Required work: Look below for the line containing "Variables (B : algType" and the line containing "Let gg_hom j"; repeat exactly those two lines and all lines between them, and nothing else.

Data listing:
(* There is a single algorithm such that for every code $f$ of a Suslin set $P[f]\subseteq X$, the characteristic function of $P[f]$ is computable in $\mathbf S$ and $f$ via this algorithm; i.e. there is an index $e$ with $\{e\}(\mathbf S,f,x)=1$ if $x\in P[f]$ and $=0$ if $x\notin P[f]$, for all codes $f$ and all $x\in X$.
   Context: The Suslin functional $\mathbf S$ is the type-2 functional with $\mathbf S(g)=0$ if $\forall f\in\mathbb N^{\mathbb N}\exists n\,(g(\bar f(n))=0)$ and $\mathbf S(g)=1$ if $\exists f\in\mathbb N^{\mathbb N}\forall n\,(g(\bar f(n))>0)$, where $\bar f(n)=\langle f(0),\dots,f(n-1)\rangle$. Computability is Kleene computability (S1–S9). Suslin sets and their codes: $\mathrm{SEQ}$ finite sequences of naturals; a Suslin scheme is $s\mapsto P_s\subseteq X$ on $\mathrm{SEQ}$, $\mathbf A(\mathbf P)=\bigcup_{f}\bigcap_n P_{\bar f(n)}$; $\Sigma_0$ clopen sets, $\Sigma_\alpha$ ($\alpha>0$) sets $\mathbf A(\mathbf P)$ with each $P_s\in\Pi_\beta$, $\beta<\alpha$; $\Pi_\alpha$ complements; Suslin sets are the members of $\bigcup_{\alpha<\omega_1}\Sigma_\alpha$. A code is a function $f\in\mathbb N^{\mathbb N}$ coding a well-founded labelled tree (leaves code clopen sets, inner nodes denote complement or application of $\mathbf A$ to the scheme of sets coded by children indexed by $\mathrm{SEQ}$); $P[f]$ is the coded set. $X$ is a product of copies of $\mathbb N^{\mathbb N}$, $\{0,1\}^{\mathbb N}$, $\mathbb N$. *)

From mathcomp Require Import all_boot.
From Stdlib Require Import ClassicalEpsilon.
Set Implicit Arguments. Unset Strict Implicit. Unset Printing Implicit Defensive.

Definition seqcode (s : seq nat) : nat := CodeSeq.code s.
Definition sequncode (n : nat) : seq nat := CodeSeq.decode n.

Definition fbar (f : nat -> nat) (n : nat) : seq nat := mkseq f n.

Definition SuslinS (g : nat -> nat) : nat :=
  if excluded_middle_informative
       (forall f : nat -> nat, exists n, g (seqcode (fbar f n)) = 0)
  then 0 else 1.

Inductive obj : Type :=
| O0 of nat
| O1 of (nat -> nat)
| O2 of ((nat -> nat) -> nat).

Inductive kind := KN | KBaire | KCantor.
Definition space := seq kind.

---

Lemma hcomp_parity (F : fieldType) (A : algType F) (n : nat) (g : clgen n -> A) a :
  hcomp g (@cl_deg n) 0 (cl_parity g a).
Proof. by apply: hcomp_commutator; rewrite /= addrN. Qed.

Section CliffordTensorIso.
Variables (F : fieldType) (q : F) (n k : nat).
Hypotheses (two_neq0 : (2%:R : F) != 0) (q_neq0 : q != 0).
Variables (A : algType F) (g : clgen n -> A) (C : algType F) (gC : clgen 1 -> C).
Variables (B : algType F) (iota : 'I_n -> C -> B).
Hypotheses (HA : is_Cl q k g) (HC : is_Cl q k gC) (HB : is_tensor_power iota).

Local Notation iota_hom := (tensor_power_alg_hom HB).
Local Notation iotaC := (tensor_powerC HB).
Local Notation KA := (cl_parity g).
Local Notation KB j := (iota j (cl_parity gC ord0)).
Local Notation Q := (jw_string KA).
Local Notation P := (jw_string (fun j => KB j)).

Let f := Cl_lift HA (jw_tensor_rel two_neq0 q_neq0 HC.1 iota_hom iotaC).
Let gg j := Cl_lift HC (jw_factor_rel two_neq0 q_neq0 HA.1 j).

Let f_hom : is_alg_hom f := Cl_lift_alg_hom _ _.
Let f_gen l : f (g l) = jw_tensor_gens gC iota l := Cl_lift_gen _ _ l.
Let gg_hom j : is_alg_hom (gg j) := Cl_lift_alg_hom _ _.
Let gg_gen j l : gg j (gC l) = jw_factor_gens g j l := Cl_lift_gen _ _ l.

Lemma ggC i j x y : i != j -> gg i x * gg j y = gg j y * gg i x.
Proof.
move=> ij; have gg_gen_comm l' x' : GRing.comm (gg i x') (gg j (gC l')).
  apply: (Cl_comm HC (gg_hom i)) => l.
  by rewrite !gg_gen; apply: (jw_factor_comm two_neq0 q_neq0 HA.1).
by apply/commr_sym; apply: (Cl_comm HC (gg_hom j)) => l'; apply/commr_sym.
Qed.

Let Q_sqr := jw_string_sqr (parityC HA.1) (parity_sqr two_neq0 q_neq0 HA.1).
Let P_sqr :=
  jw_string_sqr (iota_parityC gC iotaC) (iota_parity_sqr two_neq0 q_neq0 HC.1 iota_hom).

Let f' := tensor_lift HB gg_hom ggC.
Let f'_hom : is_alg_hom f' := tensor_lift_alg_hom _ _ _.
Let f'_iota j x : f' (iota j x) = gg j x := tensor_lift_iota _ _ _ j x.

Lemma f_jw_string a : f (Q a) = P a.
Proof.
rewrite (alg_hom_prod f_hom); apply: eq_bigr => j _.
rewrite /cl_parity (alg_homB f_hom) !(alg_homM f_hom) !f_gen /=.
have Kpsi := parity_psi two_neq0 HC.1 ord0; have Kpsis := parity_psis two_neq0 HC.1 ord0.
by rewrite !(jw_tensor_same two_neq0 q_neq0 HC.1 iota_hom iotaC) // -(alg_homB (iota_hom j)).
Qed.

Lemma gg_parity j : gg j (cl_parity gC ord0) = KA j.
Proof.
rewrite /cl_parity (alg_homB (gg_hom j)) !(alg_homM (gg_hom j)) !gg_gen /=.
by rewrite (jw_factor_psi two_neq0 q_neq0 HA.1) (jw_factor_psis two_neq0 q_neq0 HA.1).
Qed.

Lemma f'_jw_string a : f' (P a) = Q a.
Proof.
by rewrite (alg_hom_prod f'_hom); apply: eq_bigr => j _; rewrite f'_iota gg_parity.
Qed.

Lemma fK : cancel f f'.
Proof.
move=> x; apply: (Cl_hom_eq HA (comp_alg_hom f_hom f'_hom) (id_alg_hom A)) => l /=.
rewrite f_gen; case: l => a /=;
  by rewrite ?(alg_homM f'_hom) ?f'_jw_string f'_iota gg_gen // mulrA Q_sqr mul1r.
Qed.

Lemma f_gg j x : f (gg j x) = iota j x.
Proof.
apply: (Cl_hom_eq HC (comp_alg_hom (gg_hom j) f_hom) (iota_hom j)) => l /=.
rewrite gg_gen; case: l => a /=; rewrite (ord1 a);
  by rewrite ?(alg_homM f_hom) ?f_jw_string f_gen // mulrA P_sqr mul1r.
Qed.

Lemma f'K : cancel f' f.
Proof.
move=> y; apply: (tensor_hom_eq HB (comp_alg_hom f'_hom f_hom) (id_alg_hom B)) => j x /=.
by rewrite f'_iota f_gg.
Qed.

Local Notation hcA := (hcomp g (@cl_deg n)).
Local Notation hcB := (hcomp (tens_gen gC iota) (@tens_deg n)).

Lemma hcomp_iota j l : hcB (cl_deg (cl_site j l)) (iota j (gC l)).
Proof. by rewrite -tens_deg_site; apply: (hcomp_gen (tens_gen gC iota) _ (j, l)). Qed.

Exercise answer:
Variables (B : algType F) (iota : 'I_n -> C -> B).
Hypotheses (HA : is_Cl q k g) (HC : is_Cl q k gC) (HB : is_tensor_power iota).

Local Notation iota_hom := (tensor_power_alg_hom HB).
Local Notation iotaC := (tensor_powerC HB).
Local Notation KA := (cl_parity g).
Local Notation KB j := (iota j (cl_parity gC ord0)).
Local Notation Q := (jw_string KA).
Local Notation P := (jw_string (fun j => KB j)).

Let f := Cl_lift HA (jw_tensor_rel two_neq0 q_neq0 HC.1 iota_hom iotaC).
Let gg j := Cl_lift HC (jw_factor_rel two_neq0 q_neq0 HA.1 j).

Let f_hom : is_alg_hom f := Cl_lift_alg_hom _ _.
Let f_gen l : f (g l) = jw_tensor_gens gC iota l := Cl_lift_gen _ _ l.
Let gg_hom j : is_alg_hom (gg j) := Cl_lift_alg_hom _ _.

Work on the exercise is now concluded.